Data extract:
Theorem mainTheorem6 (L : signature) (M : structure L)
    (Msat : aleph1_saturated M)
    (n : nat) (a b : 'I_n -> M)
    (hab : same_type a b)
    (hnsi : ~ semi_isolated a b)
    (phi : form L) (hphi : semi_isolating phi b a)
    (c : 'I_n -> M) (hc : same_type (tcat c b) (tcat b a)) :
  forks_over_empty
    (fun x : 'I_n -> M => holds phi (tcat c x) /\ holds phi (tcat x a))
  /\ forks_over_empty
    (fun x : 'I_n -> M =>
       same_type (tcat x (tcat c a)) (tcat b (tcat c a))).
Proof.
have [hbphi [hphiba _]] := hphi.
have hca : same_type c a := same_type_trans (same_type_tcatl hc) (same_type_sym hab).
have [g [h [g0 [g1 hgh]]]] := type_chain Msat b hca.
pose psi := fcomp n n phi phi.
have hbpsi : fbnd (n + (n + n)) psi := fbnd_fcomp hbphi hbphi.
have psi_ca (x : 'I_n -> M) :
    holds psi (tcat x (tcat c a)) <-> holds phi (tcat c x) /\ holds phi (tcat x a).
  exact: holds_fcomp.
pose d i := tcat (g i.+1) (g i).
have d0 : d 0 = tcat c a by rewrite /d g0 g1.
have hd i : same_type (d i) (d 0) by rewrite d0; apply: same_type_tcat13 (hgh i).
have hk : k_inconsistent n psi d 3.
  apply: k_inconsistent3 => x i l hil hxi hxl.
  exact: (chain_nonadjacent hab hnsi hphi hc hgh hil hxi hxl).
split; exists (n + n), psi, d, 3; split=> //; split=> //; rewrite d0.
- by move=> x /psi_ca.
- move=> x hx; apply: (hx psi hbpsi).2; apply/psi_ca; split=> //.
  exact: (hc phi hbphi).2 hphiba.
Qed.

Work to complete:
Please take the whole listing and write it out exactly.

Task response:
Theorem mainTheorem6 (L : signature) (M : structure L)
    (Msat : aleph1_saturated M)
    (n : nat) (a b : 'I_n -> M)
    (hab : same_type a b)
    (hnsi : ~ semi_isolated a b)
    (phi : form L) (hphi : semi_isolating phi b a)
    (c : 'I_n -> M) (hc : same_type (tcat c b) (tcat b a)) :
  forks_over_empty
    (fun x : 'I_n -> M => holds phi (tcat c x) /\ holds phi (tcat x a))
  /\ forks_over_empty
    (fun x : 'I_n -> M =>
       same_type (tcat x (tcat c a)) (tcat b (tcat c a))).
Proof.
have [hbphi [hphiba _]] := hphi.
have hca : same_type c a := same_type_trans (same_type_tcatl hc) (same_type_sym hab).
have [g [h [g0 [g1 hgh]]]] := type_chain Msat b hca.
pose psi := fcomp n n phi phi.
have hbpsi : fbnd (n + (n + n)) psi := fbnd_fcomp hbphi hbphi.
have psi_ca (x : 'I_n -> M) :
    holds psi (tcat x (tcat c a)) <-> holds phi (tcat c x) /\ holds phi (tcat x a).
  exact: holds_fcomp.
pose d i := tcat (g i.+1) (g i).
have d0 : d 0 = tcat c a by rewrite /d g0 g1.
have hd i : same_type (d i) (d 0) by rewrite d0; apply: same_type_tcat13 (hgh i).
have hk : k_inconsistent n psi d 3.
  apply: k_inconsistent3 => x i l hil hxi hxl.
  exact: (chain_nonadjacent hab hnsi hphi hc hgh hil hxi hxl).
split; exists (n + n), psi, d, 3; split=> //; split=> //; rewrite d0.
- by move=> x /psi_ca.
- move=> x hx; apply: (hx psi hbpsi).2; apply/psi_ca; split=> //.
  exact: (hc phi hbphi).2 hphiba.
Qed.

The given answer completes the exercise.